We can see that for the data between Aug 2023 to Jul 2024, around 16-17% of rides do not begin or end at a station, and around 0.1% of rides do not have a proper end location.

Lets do some checks on whether we have invalid data by checking data range and constraints, specifically if there are rides where the time differences between the start and end is longer than a day, or there are rides that are below a minute, suggesting they might be rented by mistake. 

In [None]:
%%sql
SELECT 
    SUM(TIMESTAMPDIFF(MINUTE, started_at, ended_at) <= 1) AS rides_under1min,
    SUM(TIMESTAMPDIFF(MINUTE, started_at, ended_at) >= 1440) AS rides_over1day

FROM combined_tripdata;

We can see that there are many cases where rides are under 1 minute, but not as much for rides being over a whole day. Rides that are under a minute suggest a mistake or an issue with renting the bike, while rides over a day suggest the user forgetting to return the bike.
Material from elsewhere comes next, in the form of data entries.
Lemma backward_interval_chain (g : R -> R) p q :
  cont_on p q g -> p < q -> g p <= p -> q <= g q ->
  exists l r : nat -> R,
    (forall n, p <= l n /\ l n < r n /\ r n <= q) /\
    forall n, image_eq g (l (S n)) (r (S n)) (l n) (r n).
Proof.
  intros Hc Hpq Hgp Hgq.
  set (Inside := fun T : R * R => p <= fst T /\ fst T < snd T /\ snd T <= q).
  destruct (dependent_choice Inside
              (fun T T' => image_eq g (fst T') (snd T') (fst T) (snd T)) (p, q))
    as [T [_ HT]].
  - unfold Inside. simpl. lra.
  - intros [c e] He. unfold Inside in He. simpl in He.
    destruct (image_eq_subinterval g p q c e Hc) as [s [t [H1 [H2 [H3 Him]]]]]; try lra.
    exists (s, t). unfold Inside. simpl. auto.
  - exists (fun n => fst (T n)), (fun n => snd (T n)).
    split; intro n; apply (HT n).
Qed.

Lemma admits_splitting_of_side_interval (f : R -> R) p q a b u v :
  cont_unit f -> 0 <= p -> p < q -> q <= 1 -> ~ (p = 0 /\ q = 1) ->
  f p <= p -> q <= f q -> (b <= p \/ q <= a) ->
  inI 0 1 u -> inI 0 1 v -> inI a b u -> inI a b v -> f u <= p -> q <= f v ->
  admits_splitting f.
Proof.
  intros Hc Hp Hpq Hq Hnot01 Hfp Hfq Hside Hu01 Hv01 Hu Hv Hfu Hfv.
  destruct (backward_interval_chain f p q) as [l [r [Hlr Him]]]; try assumption.
  { apply (cont_on_subinterval f 0 1); [exact Hc | lra | lra]. }
  exists l, r. split; [split; [|split]|].
  - intro n. destruct (Hlr n) as [H1 [H2 H3]].
    split; [lra|]. split; [lra|]. split; [lra|].
    intros [H4 H5]. apply Hnot01. lra.
  - exact Him.
  - exists O. intros n _. apply Hlr.
  - exists (fun n => (1 <= n)%nat). split.
    { intro m. exists (S m). split; lia. }
    intros [|k] Hk; [lia|].
    destruct (Hlr k) as [Hk1 [Hk2 Hk3]].
    destruct (image_eq_subinterval_between f 0 1 u v (l k) (r k) Hc)
      as [s [t [Hst [Hbetween HimS]]]]; try assumption; try lra.
    destruct (Hlr (S k)) as [HS1 [HS2 HS3]].
    exists s, t. split; [unfold inI in *; lra|]. split; [exact Hst|].
    split; [unfold inI in *; lra|].
    split.
    + intros x Hx HxT. unfold inI in *. lra.
    + intro z. rewrite <- (HimS z), <- (Him k z). tauto.
Qed.

Lemma accumulation_point_inI (F : R -> Prop) a b d :
  (forall p, F p -> inI a b p) -> accumulation_point F d -> inI a b d.
Proof.
  intros HF Hacc. split; apply Rnot_lt_le; intro Hout.
  - destruct (Hacc (a - d)) as [p [Hp [_ Hpd]]]; [lra|].
    destruct (HF p Hp). apply Rabs_def2 in Hpd. lra.
  - destruct (Hacc (d - b)) as [p [Hp [_ Hpd]]]; [lra|].
    destruct (HF p Hp). apply Rabs_def2 in Hpd. lra.
Qed.

Lemma accumulation_point_two_near (F : R -> Prop) d m :
  accumulation_point F d -> 0 < m ->
  exists p q, F p /\ F q /\ p < q /\ d - m < p /\ q < d + m.
Proof.
  intros Hacc Hm.
  destruct (Hacc m Hm) as [p [Hp [Hpd Hpm]]].
  destruct (Hacc (Rabs (p - d))) as [q [Hq [_ Hqm]]].
  { apply Rabs_pos_lt. lra. }
  assert (Hqm' : Rabs (q - d) < m) by lra.
  apply Rabs_def2 in Hpm. apply Rabs_def2 in Hqm'.
  destruct (Rtotal_order p q) as [Hlt | [Heq | Hgt]].
  - exists p, q. repeat split; auto; lra.
  - subst q. lra.
  - exists q, p. repeat split; auto; lra.
Qed.

Lemma accumulation_point_fixed (f : R -> R) d :
  cont_unit f -> accumulation_point (fixed_point f) d -> fixed_point f d.
Proof.
  intros Hc Hacc.
  assert (Hd : inI 0 1 d)
    by exact (accumulation_point_inI _ 0 1 d (fun p Hp => proj1 Hp) Hacc).
  split; [exact Hd|].
  assert (Hclose : forall eps, 0 < eps -> Rabs (f d - d) < 2 * eps).
  { intros eps Heps.
    destruct (Hc d Hd eps Heps) as [dl [Hdl Hnear]].
    destruct (Hacc (Rmin dl eps)) as [p [[Hp Hfp] [_ Hpd]]].
    { apply Rmin_glb_lt; lra. }
    pose proof (Rmin_l dl eps). pose proof (Rmin_r dl eps).
    pose proof (Hnear p Hp ltac:(lra)) as Hfpd. rewrite Hfp in Hfpd.
    apply Rabs_def2 in Hfpd. apply Rabs_def2 in Hpd.
    apply Rabs_def1; lra. }
  destruct (Req_dec (f d) d) as [Heq | Hne]; [exact Heq|].
  assert (Hpos : 0 < Rabs (f d - d)) by (apply Rabs_pos_lt; lra).
  pose proof (Hclose (Rabs (f d - d) / 2) ltac:(lra)). lra.
Qed.

Lemma admits_splitting_of_opposite_sides (f : R -> R) d y :
  cont_unit f -> accumulation_point (fixed_point f) d -> inI 0 1 y ->
  opposite_sides d y (f y) -> admits_splitting f.
Proof.
  intros Hc Hacc Hy [[Hyd Hdf] | [Hfd Hdy]].
  - destruct (accumulation_point_two_near _ d (Rmin (d - y) (f y - d)) Hacc)
      as [p [q [[Hp Hfp] [[Hq Hfq] [Hpq [Hpm Hqm]]]]]].
    { apply Rmin_glb_lt; lra. }
    pose proof (Rmin_l (d - y) (f y - d)). pose proof (Rmin_r (d - y) (f y - d)).
    apply (admits_splitting_of_side_interval f p q y p p y);
      try assumption; unfold inI in *; lra.
  - destruct (accumulation_point_two_near _ d (Rmin (y - d) (d - f y)) Hacc)
      as [p [q [[Hp Hfp] [[Hq Hfq] [Hpq [Hpm Hqm]]]]]].
    { apply Rmin_glb_lt; lra. }
    pose proof (Rmin_l (y - d) (d - f y)). pose proof (Rmin_r (y - d) (d - f y)).
    apply (admits_splitting_of_side_interval f p q q y y q);
      try assumption; unfold inI in *; lra.
Qed.

(* Without crossings, a coordinate strictly on one side of the fixed point d forces
   the next one to that side too: it cannot be d, whose only backward orbit is d. *)
Lemma backward_orbit_crosses (g : R -> R) (x : nat -> R) d i j :
  g d = d -> (forall n, g (x (S n)) = x n) -> x i < d -> d < x j ->
  exists t, opposite_sides d (x (S t)) (x t).
Proof.
  intros Hgd Hx Hi Hj. apply NNPP. intro Hno.
  assert (Hstep : forall n, (x n < d -> x (S n) < d) /\ (d < x n -> d < x (S n))).
  { intro n.
    assert (Hnot : ~ opposite_sides d (x (S n)) (x n)) by (intro H; apply Hno; eauto).
    unfold opposite_sides in Hnot.
    destruct (Rtotal_order (x (S n)) d) as [H | [H | H]].
    - split; intro; [exact H | lra].
    - rewrite <- (Hx n), H, Hgd. lra.
    - split; intro; [lra | exact H]. }
  assert (Hkeep : forall k n, (x n < d -> x (n + k)%nat < d) /\
                              (d < x n -> d < x (n + k)%nat)).
  { induction k as [|k IH]; intro n.
    - rewrite Nat.add_0_r. auto.
    - rewrite Nat.add_succ_r. destruct (IH n), (Hstep (n + k)%nat). auto. }
  destruct (Nat.le_gt_cases i j) as [Hij | Hji].
  - replace j with (i + (j - i))%nat in Hj by lia.
    pose proof (proj1 (Hkeep (j - i)%nat i) Hi). lra.
  - replace i with (j + (i - j))%nat in Hi by lia.
    pose proof (proj2 (Hkeep (i - j)%nat j) Hj). lra.
Qed.

Lemma inv_lim_one_side (f : R -> R) d x :
  cont_unit f -> ~ admits_splitting f -> accumulation_point (fixed_point f) d ->
  inv_lim f x -> inv_lim_J f 0 d x \/ inv_lim_J f d 1 x.
Proof.
  intros Hc Hns Hacc [Hx01 Hxf].
  destruct (accumulation_point_fixed f d Hc Hacc) as [_ Hfd].
  destruct (classic (exists j, d < x j)) as [[j Hj] | Hnone].
  - right. split; [split; assumption|]. intro n. split; [|apply Hx01].
    apply Rnot_lt_le. intro Hn. apply Hns.
    destruct (backward_orbit_crosses f x d n j Hfd Hxf Hn Hj) as [t Ht].
    apply (admits_splitting_of_opposite_sides f d (x (S t)) Hc Hacc (Hx01 _)).
    rewrite Hxf. exact Ht.
  - left. split; [split; assumption|]. intro n. split; [apply Hx01|].
    apply Rnot_lt_le. intro Hn. apply Hnone. eauto.
Qed.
Lets also get a ratio between the number of these special cases to the total number of trips.

In [None]:
%%sql
SELECT 
    SUM(TIMESTAMPDIFF(MINUTE, started_at, ended_at) <= 1) / (SELECT COUNT(*) FROM combined_tripdata) * 100 AS rides_under1min,
    SUM(TIMESTAMPDIFF(MINUTE, started_at, ended_at) >= 1440) / (SELECT COUNT(*) FROM combined_tripdata) * 100 AS rides_over1day

FROM combined_tripdata;

Rides under a minute for the data between Aug 2023 to Jul 2024 account for roughly 4% of the data and rides over a day account for roughly 0.1% of the data.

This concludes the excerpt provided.